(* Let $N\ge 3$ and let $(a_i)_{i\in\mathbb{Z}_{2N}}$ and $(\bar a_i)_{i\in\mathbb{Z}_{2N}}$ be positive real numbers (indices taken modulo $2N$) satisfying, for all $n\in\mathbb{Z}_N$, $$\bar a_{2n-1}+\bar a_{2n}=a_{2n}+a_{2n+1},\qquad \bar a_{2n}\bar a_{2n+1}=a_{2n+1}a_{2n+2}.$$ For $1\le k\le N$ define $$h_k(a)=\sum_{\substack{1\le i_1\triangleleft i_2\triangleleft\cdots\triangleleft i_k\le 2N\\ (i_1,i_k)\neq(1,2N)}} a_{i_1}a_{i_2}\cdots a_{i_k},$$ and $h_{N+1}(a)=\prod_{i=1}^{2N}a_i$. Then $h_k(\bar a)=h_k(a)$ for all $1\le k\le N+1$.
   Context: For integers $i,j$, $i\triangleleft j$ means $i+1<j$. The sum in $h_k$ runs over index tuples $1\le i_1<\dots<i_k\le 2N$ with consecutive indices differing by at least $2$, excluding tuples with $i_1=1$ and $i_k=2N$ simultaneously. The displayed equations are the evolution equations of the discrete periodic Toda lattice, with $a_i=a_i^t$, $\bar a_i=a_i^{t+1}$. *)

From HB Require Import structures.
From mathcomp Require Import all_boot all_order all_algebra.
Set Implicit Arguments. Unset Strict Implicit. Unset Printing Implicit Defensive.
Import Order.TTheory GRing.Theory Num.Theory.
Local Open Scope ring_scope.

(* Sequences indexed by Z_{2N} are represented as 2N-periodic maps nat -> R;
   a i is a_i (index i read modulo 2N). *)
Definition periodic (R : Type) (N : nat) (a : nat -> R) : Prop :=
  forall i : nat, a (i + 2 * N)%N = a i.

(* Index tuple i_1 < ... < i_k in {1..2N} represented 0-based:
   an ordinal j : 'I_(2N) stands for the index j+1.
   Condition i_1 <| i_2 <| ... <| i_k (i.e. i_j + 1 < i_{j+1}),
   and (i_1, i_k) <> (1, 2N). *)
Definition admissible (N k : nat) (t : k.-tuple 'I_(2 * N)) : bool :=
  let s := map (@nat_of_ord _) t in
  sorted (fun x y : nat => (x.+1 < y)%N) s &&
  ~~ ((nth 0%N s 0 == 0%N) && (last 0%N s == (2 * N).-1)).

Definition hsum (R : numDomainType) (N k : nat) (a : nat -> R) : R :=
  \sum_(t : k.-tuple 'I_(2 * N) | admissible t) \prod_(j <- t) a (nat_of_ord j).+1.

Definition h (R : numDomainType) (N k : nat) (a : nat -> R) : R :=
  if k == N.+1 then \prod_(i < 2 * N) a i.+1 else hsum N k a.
== == ==
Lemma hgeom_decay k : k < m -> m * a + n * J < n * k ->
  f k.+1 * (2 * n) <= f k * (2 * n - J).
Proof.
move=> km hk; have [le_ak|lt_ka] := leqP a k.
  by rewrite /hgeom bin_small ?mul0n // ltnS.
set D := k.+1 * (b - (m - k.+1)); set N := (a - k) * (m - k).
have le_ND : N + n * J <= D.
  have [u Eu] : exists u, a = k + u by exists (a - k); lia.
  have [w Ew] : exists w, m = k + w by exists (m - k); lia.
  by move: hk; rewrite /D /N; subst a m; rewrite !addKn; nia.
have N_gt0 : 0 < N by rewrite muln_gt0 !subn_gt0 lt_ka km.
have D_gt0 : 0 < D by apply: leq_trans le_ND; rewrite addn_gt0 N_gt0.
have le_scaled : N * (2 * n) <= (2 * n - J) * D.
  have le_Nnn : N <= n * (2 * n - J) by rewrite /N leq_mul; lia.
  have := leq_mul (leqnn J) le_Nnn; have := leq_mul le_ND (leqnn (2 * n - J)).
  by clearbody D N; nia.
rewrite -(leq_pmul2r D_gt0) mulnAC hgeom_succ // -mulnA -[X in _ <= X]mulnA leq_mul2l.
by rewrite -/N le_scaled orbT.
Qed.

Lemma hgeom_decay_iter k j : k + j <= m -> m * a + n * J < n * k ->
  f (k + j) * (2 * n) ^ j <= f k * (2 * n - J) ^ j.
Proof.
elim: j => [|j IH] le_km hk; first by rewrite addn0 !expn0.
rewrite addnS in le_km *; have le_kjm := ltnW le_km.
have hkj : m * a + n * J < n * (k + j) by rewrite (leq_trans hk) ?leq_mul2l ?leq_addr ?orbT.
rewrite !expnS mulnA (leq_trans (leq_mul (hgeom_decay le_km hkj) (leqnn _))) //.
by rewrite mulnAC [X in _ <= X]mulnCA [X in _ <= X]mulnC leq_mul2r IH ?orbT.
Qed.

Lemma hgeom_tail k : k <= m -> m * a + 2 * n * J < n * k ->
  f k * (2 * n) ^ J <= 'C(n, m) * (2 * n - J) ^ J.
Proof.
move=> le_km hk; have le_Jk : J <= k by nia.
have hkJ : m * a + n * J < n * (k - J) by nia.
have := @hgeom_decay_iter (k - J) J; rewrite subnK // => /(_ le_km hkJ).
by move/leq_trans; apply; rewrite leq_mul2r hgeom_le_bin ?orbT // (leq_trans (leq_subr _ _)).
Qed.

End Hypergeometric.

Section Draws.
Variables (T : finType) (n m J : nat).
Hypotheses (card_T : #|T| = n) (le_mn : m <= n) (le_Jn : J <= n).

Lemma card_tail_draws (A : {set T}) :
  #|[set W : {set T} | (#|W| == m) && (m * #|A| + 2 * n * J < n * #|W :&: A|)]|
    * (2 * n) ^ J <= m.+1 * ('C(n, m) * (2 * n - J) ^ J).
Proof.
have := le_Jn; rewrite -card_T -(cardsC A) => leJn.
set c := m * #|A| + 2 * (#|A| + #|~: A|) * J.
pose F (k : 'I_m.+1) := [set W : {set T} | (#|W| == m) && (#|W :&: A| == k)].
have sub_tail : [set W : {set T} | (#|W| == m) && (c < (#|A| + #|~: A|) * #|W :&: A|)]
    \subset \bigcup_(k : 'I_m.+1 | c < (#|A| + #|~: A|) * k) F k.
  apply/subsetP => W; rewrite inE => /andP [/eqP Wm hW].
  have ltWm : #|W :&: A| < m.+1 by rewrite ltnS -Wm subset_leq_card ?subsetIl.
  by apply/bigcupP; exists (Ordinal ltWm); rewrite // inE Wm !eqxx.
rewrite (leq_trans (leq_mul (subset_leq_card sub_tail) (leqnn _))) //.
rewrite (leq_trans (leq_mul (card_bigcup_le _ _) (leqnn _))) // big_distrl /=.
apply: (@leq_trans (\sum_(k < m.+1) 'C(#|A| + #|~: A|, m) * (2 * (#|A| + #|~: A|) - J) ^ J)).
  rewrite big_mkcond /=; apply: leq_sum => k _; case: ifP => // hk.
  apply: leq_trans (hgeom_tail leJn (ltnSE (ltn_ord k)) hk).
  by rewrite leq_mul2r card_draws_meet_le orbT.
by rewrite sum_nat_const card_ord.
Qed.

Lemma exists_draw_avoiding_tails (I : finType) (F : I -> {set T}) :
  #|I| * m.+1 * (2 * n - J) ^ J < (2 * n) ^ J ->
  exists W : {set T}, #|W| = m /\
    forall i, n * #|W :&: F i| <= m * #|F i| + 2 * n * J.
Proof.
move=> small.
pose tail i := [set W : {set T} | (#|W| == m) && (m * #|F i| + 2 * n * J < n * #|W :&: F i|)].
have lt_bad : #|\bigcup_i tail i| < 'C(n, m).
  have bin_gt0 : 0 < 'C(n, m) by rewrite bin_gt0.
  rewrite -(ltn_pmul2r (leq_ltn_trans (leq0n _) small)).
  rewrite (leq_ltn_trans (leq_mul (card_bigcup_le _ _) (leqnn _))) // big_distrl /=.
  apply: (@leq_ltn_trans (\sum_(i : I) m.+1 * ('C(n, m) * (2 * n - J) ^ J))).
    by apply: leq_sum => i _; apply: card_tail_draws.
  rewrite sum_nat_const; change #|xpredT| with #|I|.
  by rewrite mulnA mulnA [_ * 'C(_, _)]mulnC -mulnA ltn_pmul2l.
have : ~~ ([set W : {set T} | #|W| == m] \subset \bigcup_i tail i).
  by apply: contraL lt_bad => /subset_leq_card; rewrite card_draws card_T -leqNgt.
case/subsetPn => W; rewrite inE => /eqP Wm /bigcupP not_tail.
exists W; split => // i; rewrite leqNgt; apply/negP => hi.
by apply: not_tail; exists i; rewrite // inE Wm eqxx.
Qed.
== == ==
# The task
State how many lines in the listing contain the word "modulo", and write nothing besides that number.

# Task answer
2